Edit: I didn't look to rework your code as I figure given you've got that far you'll easily have the skills to wrap it into a function and then use the one liner foreach.
Edit 2: This was too long for a comment to reply to you.
I thought since you had got that far with the code that you would be able to get it into a function :) If you're still working on this, it might help to think of writing a for loop to loop over your subjects and do the calculations required for that subject. Then, that for loop is what you want in your function. I think in your code that is everything down to 'area.grid'. Then you can get rid of most of your [n]'s since the data is only subset once per iteration.
Perhaps:
pernode <- function(MovData) {
IndivData = MovData[MovData$ID==IDNames[i],]
IndivData = IndivData[1:(nrow(IndivData)-1),]
if (UseTimeWindow==T){
IndivDates = dates[dates$ID==IDNames,]
IndivData = IndivData[IndivData$DateTime>IndivDates$Start[1]
&IndivData$DateTime<IndivDates$End[1],]
}
IndivData$TimeDif[nrow(IndivData)]=NA
BBMM <- brownian.bridge(x=IndivData$x, y=IndivData$y,
time.lag = IndivData$TimeDif[1:(nrow(IndivData)-1)], location.error=20,
area.grid = Grid, time.step = 0.1)
return(BBMM)
}
Then something like:
library(doMC)
library(foreach)
registerDoMC(cores=48) # or perhaps a few less than all you have
system.time(
output <- foreach(i = 1:length(IDNames)), .combine = "rbind", .multicombine=T,
.inorder = FALSE) %dopar% {pernode(i)}
)
Hard to say whether that is it without some test data, let me know how you get on.
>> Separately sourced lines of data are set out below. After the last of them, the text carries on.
(* Let $p_{Y|X}p_X$ define a finite IB problem. The IB curve has a linear segment at $\beta=1$, i.e., there is a nondegenerate interval of $I_X$-values on which the IB curve $I_Y(I_X)$ is affine with slope $1/\beta=1$, if and only if the joint distribution $p_{Y|X}p_X$ decomposes.
   Context: $\mathcal{X},\mathcal{Y}$ are finite sets and $p(x,y)=p(y|x)p(x)$ is a joint distribution with $p(x)>0$. The IB curve is $I_Y(I_X):=\max\{I(Y;\hat X): I(X;\hat X)\le I_X\}$, the maximum taken over all random variables $\hat X$ on finite alphabets forming a Markov chain $Y\leftrightarrow X\leftrightarrow\hat X$ (i.e., over encoders $p(\hat x|x)$). A matrix decomposes if, after permuting its rows and columns, it can be written non-trivially as a block (diagonal) matrix with at least two blocks; here the matrix is the $|\mathcal{X}|\times|\mathcal{Y}|$ matrix $(p(y|x)p(x))_{x,y}$. *)

From HB Require Import structures.
From mathcomp Require Import all_boot all_order all_algebra.
From mathcomp Require Import all_classical all_reals all_analysis.
Set Implicit Arguments. Unset Strict Implicit. Unset Printing Implicit Defensive.
Import Order.TTheory GRing.Theory Num.Theory.
Local Open Scope ring_scope.
Local Open Scope classical_set_scope.

Definition mutinf (R : realType) (A B : finType) (r : A -> B -> R) : R :=
  let rA a := \sum_(b : B) r a b in
  let rB b := \sum_(a : A) r a b in
  \sum_(a : A) \sum_(b : B)
     (if r a b == 0 then 0 else r a b * ln (r a b / (rA a * rB b))).

(* p x y = p(y|x) p(x): the joint distribution of (X,Y). *)
Definition pX (R : realType) (X Y : finType) (p : X -> Y -> R) (x : X) : R :=
  \sum_(y : Y) p x y.

Definition encoder (R : realType) (X T : finType) (q : X -> T -> R) : Prop :=
  (forall x t, 0 <= q x t) /\ (forall x, \sum_(t : T) q x t = 1).

Definition IXT (R : realType) (X Y T : finType) (p : X -> Y -> R)
  (q : X -> T -> R) : R := mutinf (fun x t => pX p x * q x t).

(* I(Y;Xhat) under the Markov chain Y <-> X <-> Xhat:
   joint p(y,xhat) = sum_x p(x,y) q(xhat|x). *)
Definition IYT (R : realType) (X Y T : finType) (p : X -> Y -> R)
  (q : X -> T -> R) : R := mutinf (fun y t => \sum_(x : X) p x y * q x t).

Definition IB_values (R : realType) (X Y : finType) (p : X -> Y -> R) (IX : R)
  : set R :=
  [set iy | exists (T : finType) (q : X -> T -> R),
      encoder q /\ IXT p q <= IX /\ iy = IYT p q].
Lemma reduced_map_word_inv (t : G -> G) A B w' :
  ghom t -> reduced (img t A) (img t B) w' -> exists w, reduced A B w /\ map_word t w = w'.
Proof.
  intros Ht [Hl Halt].
  enough (Hw : exists w, Forall (letter_ok A B) w /\ map_word t w = w').
  { destruct Hw as [w [Hw <-]]. exists w. split; [split |]; auto.
    apply (alternating_tags_map_word t), Halt. }
  clear Halt. induction Hl as [|[b a'] w' [Ha' Ha'1] _ [w [Hw <-]]].
  - exists nil. auto.
  - simpl in Ha', Ha'1.
    assert (Hpre : exists a, factor A B b a /\ t a = a').
    { destruct b; destruct Ha' as [a [Ha <-]]; exists a; auto. }
    destruct Hpre as [a [Ha <-]].
    exists ((b, a) :: w). split; [| reflexivity].
    constructor; [split |]; auto.
    simpl. intro E. apply Ha'1. rewrite E. apply ghom1, Ht.
Qed.

Lemma reduced_inv_word A B w : free_product A B -> reduced A B w -> reduced A B (inv_word w).
Proof.
  intros [[_ [_ AV]] [[_ [_ BV]] _]] [Hl Halt]. split.
  - apply Forall_rev, Forall_map. eapply Forall_impl; [| exact Hl].
    intros [b a] [Ha Ha1]. split; simpl in *.
    + destruct b; auto.
    + intro E. apply Ha1. rewrite <- (ginvK a), E. apply ginv1.
  - apply alternating_tags_rev, alternating_tags_map_word, Halt.
Qed.

End Words.

Section SplitFun.
Context {G : group}.
Variables (A B : G -> Prop) (fA fB : G -> R).
Hypothesis HF : free_product A B.

Local Notation f := (split_fun A B fA fB).

Lemma normal_form (x : G) : exists w, reduced A B w /\ wprod w = x.
Proof. destruct HF as [_ [_ HU]]. destruct (HU x) as [w [Hw _]]. exists w. exact Hw. Qed.

Lemma split_fun_wprod w : reduced A B w -> f (wprod w) = wsum fA fB w.
Proof.
  intro Hw. unfold split_fun.
  destruct (epsilon_spec (inhabits 0)
    (fun r => exists w0, reduced A B w0 /\ wprod w0 = wprod w /\ r = wsum fA fB w0))
    as [w' [Hw' [Hp ->]]]; [exists (wsum fA fB w), w; auto |].
  destruct HF as [_ [_ HU]]. destruct (HU (wprod w)) as [w0 [_ Hu]].
  rewrite <- (Hu w' (Logic.conj Hw' Hp)), <- (Hu w (Logic.conj Hw eq_refl)). reflexivity.
Qed.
This is a general example since I didn't have the patience to read through all of your code. One of the quickest ways to spread this across multiple processors would be to use the multicore library and the mclapply (a parallelized version of lapply) to push a list (individual items on the list would be dataframes for each of the 300+ individuals in your case) through a function.
Example:
library(multicore)
result=mclapply(data_list, your_function,mc.preschedule=FALSE, mc.set.seed=FALSE)
As I understand you description you have access to a distributed computer cluster. So the package multicore will be not working. You have to use Rmpi, snow or foreach. Based on your existing loop structure I would advice to use the foreach and doSnow package. But your codes looks like as you have a lot of data. You probably have to check to reduce the data (only the required ones) which will be send to the nodes.